(* Let $a<b$, $\gamma>0$, $k\in\{1,2,3\}$ and $\phi\in\mathcal{C}^{k+1}[a,b]$. Define, using the operators of the context, \[ \phi_{1,1}=\phi,\quad \phi_{1,2}(x)=\mathcal{D}_L^{\,\phi'(a)/\gamma}[\phi_{1,1},\gamma](x)-\sum_{m=2}^{k}\left(-\frac1\gamma\right)^m\partial_x^m\phi(a)\,e^{-\gamma(x-a)}, \] \[ \phi_{1,3}(x)=\mathcal{D}_L^{\,0}[\phi_{1,2},\gamma](x)+\sum_{m=2}^{k}(m-1)\left(-\frac1\gamma\right)^m\partial_x^m\phi(a)\,e^{-\gamma(x-a)}, \] \[ \phi_{2,1}=\phi,\quad \phi_{2,2}(x)=\mathcal{D}_R^{\,-\phi'(b)/\gamma}[\phi_{2,1},\gamma](x)-\sum_{m=2}^{k}\left(\frac1\gamma\right)^m\partial_x^m\phi(b)\,e^{-\gamma(b-x)}, \] \[ \phi_{2,3}(x)=\mathcal{D}_R^{\,0}[\phi_{2,2},\gamma](x)+\sum_{m=2}^{k}(m-1)\left(\frac1\gamma\right)^m\partial_x^m\phi(b)\,e^{-\gamma(b-x)}, \] and the modified partial sums \[ \widetilde{\mathcal{P}}^L_k[\phi,\gamma]=\gamma\,\mathcal{D}_L^{\,\phi'(a)/\gamma}[\phi_{1,1},\gamma]+\gamma\sum_{p=2}^{k}\mathcal{D}_L^{\,0}[\phi_{1,p},\gamma]\ \ (k=1,2),\qquad \widetilde{\mathcal{P}}^L_3[\phi,\gamma]=\gamma\,\mathcal{D}_L^{\,\phi'(a)/\gamma}[\phi_{1,1},\gamma]+\gamma\sum_{p=2}^{3}\mathcal{D}_L^{\,0}[\phi_{1,p},\gamma]-\gamma\,\mathcal{D}_0^{\,0,0}[\phi_{1,3},\gamma], \] \[ \widetilde{\mathcal{P}}^R_k[\phi,\gamma]=-\gamma\,\mathcal{D}_R^{\,-\phi'(b)/\gamma}[\phi_{2,1},\gamma]-\gamma\sum_{p=2}^{k}\mathcal{D}_R^{\,0}[\phi_{2,p},\gamma]\ \ (k=1,2),\qquad \widetilde{\mathcal{P}}^R_3[\phi,\gamma]=-\gamma\,\mathcal{D}_R^{\,-\phi'(b)/\gamma}[\phi_{2,1},\gamma]-\gamma\sum_{p=2}^{3}\mathcal{D}_R^{\,0}[\phi_{2,p},\gamma]+\gamma\,\mathcal{D}_0^{\,0,0}[\phi_{2,3},\gamma]. \] Then there is a constant $C>0$, independent of $\gamma$ and $\phi$, such that \[ \|\partial_x\phi-\widetilde{\mathcal{P}}^L_k[\phi,\gamma]\|_{\infty}\le C\left(\frac1\gamma\right)^k\|\partial_x^{k+1}\phi\|_\infty,\qquad \|\partial_x\phi-\widetilde{\mathcal{P}}^R_k[\phi,\gamma]\|_{\infty}\le C\left(\frac1\gamma\right)^k\|\partial_x^{k+1}\phi\|_\infty, \] where $\|\cdot\|_\infty$ is the supremum norm on $[a,b]$.
   Context: Fix $a<b$, $\gamma>0$, $\mu=e^{-\gamma(b-a)}$. For continuous $v$ on $[a,b]$ let $I^{L}[v,\gamma](x)=\gamma\int_a^x e^{-\gamma(x-y)}v(y)\,dy$, $I^{R}[v,\gamma](x)=\gamma\int_x^b e^{-\gamma(y-x)}v(y)\,dy$, $I^{0}[v,\gamma](x)=\frac{\gamma}{2}\int_a^b e^{-\gamma|x-y|}v(y)\,dy$. For a real number $c$: $\mathcal{D}_L^{\,c}[v,\gamma](x)=v(x)-I^L[v,\gamma](x)-(v(a)-c)e^{-\gamma(x-a)}$ (the unique operator of this form with value $c$ at $x=a$); $\mathcal{D}_R^{\,c}[v,\gamma](x)=v(x)-I^R[v,\gamma](x)-(v(b)-c)e^{-\gamma(b-x)}$ (value $c$ at $x=b$). For real numbers $c_a,c_b$: $\mathcal{D}_0^{\,c_a,c_b}[v,\gamma](x)=v(x)-I^0[v,\gamma](x)-A_0e^{-\gamma(x-a)}-B_0e^{-\gamma(b-x)}$ with $A_0=\frac{1}{1-\mu^2}\big(\mu(I^0[v,\gamma](b)-v(b)+c_b)-(I^0[v,\gamma](a)-v(a)+c_a)\big)$, $B_0=\frac{1}{1-\mu^2}\big(\mu(I^0[v,\gamma](a)-v(a)+c_a)-(I^0[v,\gamma](b)-v(b)+c_b)\big)$, so that its values at $a$ and $b$ are $c_a$ and $c_b$. Derivatives at endpoints are one-sided; $\phi'=\partial_x\phi$. *)

From Stdlib Require Import Reals Lra.
From Coquelicot Require Import Coquelicot.
Open Scope R_scope.

Definition deriv_within (a b : R) (f f' : R -> R) : Prop :=
  forall x, a <= x <= b ->
    filterlim (fun y => (f y - f x) / (y - x))
      (within (fun y => a <= y <= b /\ y <> x) (locally x))
      (locally (f' x)).

Definition cont_within (a b : R) (f : R -> R) : Prop :=
  forall x, a <= x <= b ->
    filterlim f (within (fun y => a <= y <= b) (locally x)) (locally (f x)).

(* d 0 = phi, d j = j-th derivative of phi on [a,b] for j <= n,
   and d n is continuous on [a,b]:  phi in C^n[a,b]. *)
Definition Cn_ab (n : nat) (a b : R) (d : nat -> R -> R) : Prop :=
  (forall j, (j < n)%nat -> deriv_within a b (d j) (d (S j))) /\
  cont_within a b (d n).

Definition supnorm (a b : R) (f : R -> R) : R :=
  real (Lub_Rbar (fun r => exists x, a <= x <= b /\ r = Rabs (f x))).

Definition IL (a : R) (g : R) (v : R -> R) (x : R) : R :=
  g * RInt (fun y => exp (- g * (x - y)) * v y) a x.
Definition IR (b : R) (g : R) (v : R -> R) (x : R) : R :=
  g * RInt (fun y => exp (- g * (y - x)) * v y) x b.
Definition I0 (a b : R) (g : R) (v : R -> R) (x : R) : R :=
  g / 2 * RInt (fun y => exp (- g * Rabs (x - y)) * v y) a b.

Definition DL (a : R) (c : R) (g : R) (v : R -> R) (x : R) : R :=
  v x - IL a g v x - (v a - c) * exp (- g * (x - a)).
Definition DR (b : R) (c : R) (g : R) (v : R -> R) (x : R) : R :=
  v x - IR b g v x - (v b - c) * exp (- g * (b - x)).

Definition D0 (a b : R) (ca cb : R) (g : R) (v : R -> R) (x : R) : R :=
  let mu := exp (- g * (b - a)) in
  let A0 := / (1 - mu ^ 2) *
     (mu * (I0 a b g v b - v b + cb) - (I0 a b g v a - v a + ca)) in
  let B0 := / (1 - mu ^ 2) *
     (mu * (I0 a b g v a - v a + ca) - (I0 a b g v b - v b + cb)) in
  v x - I0 a b g v x - A0 * exp (- g * (x - a)) - B0 * exp (- g * (b - x)).

Definition phi12 (a : R) (k : nat) (g : R) (d : nat -> R -> R) (x : R) : R :=
  DL a (d 1%nat a / g) g (d 0%nat) x
  - sum_n_m (fun m => (- / g) ^ m * d m a * exp (- g * (x - a))) 2 k.

Definition phi13 (a : R) (k : nat) (g : R) (d : nat -> R -> R) (x : R) : R :=
  DL a 0 g (phi12 a k g d) x
  + sum_n_m (fun m => (INR m - 1) * (- / g) ^ m * d m a * exp (- g * (x - a))) 2 k.

Definition phi22 (b : R) (k : nat) (g : R) (d : nat -> R -> R) (x : R) : R :=
  DR b (- (d 1%nat b / g)) g (d 0%nat) x
  - sum_n_m (fun m => (/ g) ^ m * d m b * exp (- g * (b - x))) 2 k.

Definition phi23 (b : R) (k : nat) (g : R) (d : nat -> R -> R) (x : R) : R :=
  DR b 0 g (phi22 b k g d) x
  + sum_n_m (fun m => (INR m - 1) * (/ g) ^ m * d m b * exp (- g * (b - x))) 2 k.
Lemma interleaveE (k : nat) (t : nat -> int -> E) (q : int) (r : nat) :
  (r < k)%N -> interleave k t (q * k%:Z + r%:Z) = t r q.
Proof.
move=> r_lt_k; have k_neq0 : k%:Z != 0 by rewrite eqz_nat -lt0n (leq_ltn_trans _ r_lt_k).
rewrite /interleave divzMDl // modzMDl divz_nat modz_nat.
by rewrite divn_small // modn_small // addr0.
Qed.

Lemma sum_coef_widen (g : {poly F}) (T : nat -> E) (B : nat) : (size g <= B)%N ->
  \sum_(i < size g) emb g`_i * T i = \sum_(i < B) emb g`_i * T i.
Proof.
move=> size_g; rewrite (big_ord_widen _ (fun i => emb g`_i * T i) size_g) big_mkcond.
apply: eq_bigr => i _; case: ifP => // /negbT; rewrite -leqNgt => i_ge.
by rewrite nth_default // rmorph0 mul0r.
Qed.

Lemma sum_dvdn_mask (k a : nat) (c : nat -> E) : (0 < k)%N ->
  \sum_(i < a * k) (if (k %| i)%N then c i else 0) = \sum_(j < a) c (j * k)%N.
Proof.
case: k => // k _; elim: a => [|a IHa]; first by rewrite mul0n !big_ord0.
rewrite mulSnr big_split_ord /= IHa [RHS]big_ord_recr /=; congr (_ + _).
rewrite big_ord_recl /= addn0 dvdn_mull // big1 ?addr0 // => i _.
rewrite /bump /= add1n dvdn_addr ?dvdn_mull //.
by case: ifP => // /(dvdn_leq (ltn0Sn _)); rewrite ltnS leqNgt ltn_ord.
Qed.

Lemma sum_coef_comp_Xn (h : {poly F}) (k : nat) (T : nat -> E) : (0 < k)%N ->
  \sum_(i < size (h \Po 'X^k)) emb (h \Po 'X^k)`_i * T i
  = \sum_(j < size h) emb h`_j * T (j * k)%N.
Proof.
move=> k_gt0; rewrite (@sum_coef_widen _ _ (size h * k)); last first.
  by rewrite comp_poly_Xn // size_poly.
transitivity (\sum_(i < size h * k) if (k %| i)%N then emb h`_(i %/ k) * T i else 0).
  apply: eq_bigr => i _; rewrite coef_comp_poly_Xn //.
  by case: ifP => _; rewrite ?rmorph0 ?mul0r.
rewrite (sum_dvdn_mask _ (fun i => emb h`_(i %/ k) * T i)) //.
by apply: eq_bigr => j _; rewrite mulnK.
Qed.

Lemma f_sequence_scale (f : {poly F}) (c : E) (s : int -> E) :
  f_sequence emb f s -> f_sequence emb f (fun n => c * s n).
Proof.
move=> fs n; under eq_bigr => i _ do rewrite mulrCA.
by rewrite -mulr_sumr fs mulr0.
Qed.

Lemma interleave_f_sequence (f : {poly F}) (k : nat) (t : nat -> int -> E) :
  (0 < k)%N -> (forall r, (r < k)%N -> f_sequence emb f (t r)) ->
  f_sequence emb (f \Po 'X^k) (interleave k t).
Proof.
move=> k_gt0 ft N; have [q [r r_lt_k ->]] := int_divmod N k_gt0.
rewrite (sum_coef_comp_Xn f (fun i => interleave k t (q * k%:Z + r%:Z + i%:Z))) //.
rewrite -[RHS](ft r r_lt_k q); apply: eq_bigr => j _.
have -> : q * k%:Z + r%:Z + (j * k)%N%:Z = (q + j%:Z) * k%:Z + r%:Z.
  by rewrite PoszM; ring.
by rewrite interleaveE.
Qed.

Lemma interleave_periodic (m k : nat) (t : nat -> int -> E) :
  (0 < k)%N -> (forall r, (r < k)%N -> periodic (t r) m) ->
  periodic (interleave k t) (k * m).
Proof.
move=> k_gt0 per_t N; have [q [r r_lt_k ->]] := int_divmod N k_gt0.
have -> : q * k%:Z + r%:Z + (k * m)%N%:Z = (q + m%:Z) * k%:Z + r%:Z.
  by rewrite PoszM; ring.
by rewrite !interleaveE // per_t.
Qed.

Lemma interleave_image (m k : nat) (t : nat -> int -> E) : (0 < k)%N ->
  [seq interleave k t i%:Z | i <- iota 0 (k * m)]
    =i [seq t r q%:Z | r <- iota 0 k, q <- iota 0 m].
Proof.
move=> k_gt0 x; apply/mapP/allpairsP => [[i] | [[r q]]].
  rewrite mem_iota add0n => i_lt ->; exists (i %% k, i %/ k)%N.
  rewrite !mem_iota !add0n /= ltn_pmod // ltn_divLR // mulnC; split => //.
  by rewrite {1}(divn_eq i k) PoszD PoszM interleaveE ?ltn_pmod.
rewrite !mem_iota /= => -[r_lt q_lt ->]; exists (q * k + r)%N.
  by rewrite mem_iota add0n; nia.
by rewrite PoszD PoszM interleaveE.
Qed.

End InterleavedSequences.

Lemma char_coprime_size (p : nat) (F E : fieldType) (emb : {rmorphism F -> E})
    (L : seq E) :
  char_is F p -> (0 < p)%N -> units_subgroup L -> coprime (size L) p.
Proof.
rewrite /char_is => + p_gt0; rewrite eqn0Ngt p_gt0 /= => charF UL.
rewrite coprime_sym prime_coprime ?(pcharf_prime charF) //.
exact: pchar_not_dvd_size (rmorph_pchar emb charF) UL.
Qed.

Theorem mainTheorem12 (p : nat) (F E : fieldType) (emb : {rmorphism F -> E})
    (f : {poly F}) (M L : seq E) :
  char_is F p ->
  ans_subgroup p emb f M ->
  units_subgroup L ->
  {subset M <= L} ->
  ans_subgroup p emb (f \Po 'X^(size L %/ size M)) L.
Proof.
move=> charF [m_gt1 _ dvd_f UM [s [fs per_s Ms]]] UL subML.
have [uL L0 _ LL _] := UL.
have [R permL] := coset_decomposition UM uL L0 (fun x y xL yM => LL x y xL (subML y yM)).
set m := size M in m_gt1 dvd_f per_s Ms *; set k := size R.
have sizeL : size L = (k * m)%N by rewrite (perm_size permL) size_allpairs.
have k_gt0 : (0 < k)%N.
  by have := units_subgroup_size_gt0 UL; rewrite sizeL muln_gt0 => /andP [].
rewrite /ans_subgroup sizeL mulnK ?(ltnW m_gt1) //; split => //.
- exact: leq_trans m_gt1 (leq_pmull _ k_gt0).
- by move=> p_gt0; rewrite -sizeL (char_coprime_size emb).
- exact: dvd_cyclotomic_quotient_comp.
pose t r q := R`_r * s q; exists (interleave k t); split.
- by apply: interleave_f_sequence => // r _; apply: f_sequence_scale.
- by apply: interleave_periodic => // r _ n; rewrite /t per_s.
have eqR : R =i mkseq (nth 0 R) k by move=> y; rewrite mkseq_nth.
move=> x; rewrite interleave_image // (perm_mem permL) (mem_allpairs _ eqR Ms).
by rewrite allpairs_mapl allpairs_mapr.
Qed.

▶ _TRY IT_: Only the lines above from the one with "- sum_n_m (fun m => (- /" through the one with "(INR m - 1) * (- /" should be duplicated, character for character.

▶ _EXERCISE RESPONSE_:
  - sum_n_m (fun m => (- / g) ^ m * d m a * exp (- g * (x - a))) 2 k.

Definition phi13 (a : R) (k : nat) (g : R) (d : nat -> R -> R) (x : R) : R :=
  DL a 0 g (phi12 a k g d) x
  + sum_n_m (fun m => (INR m - 1) * (- / g) ^ m * d m a * exp (- g * (x - a))) 2 k.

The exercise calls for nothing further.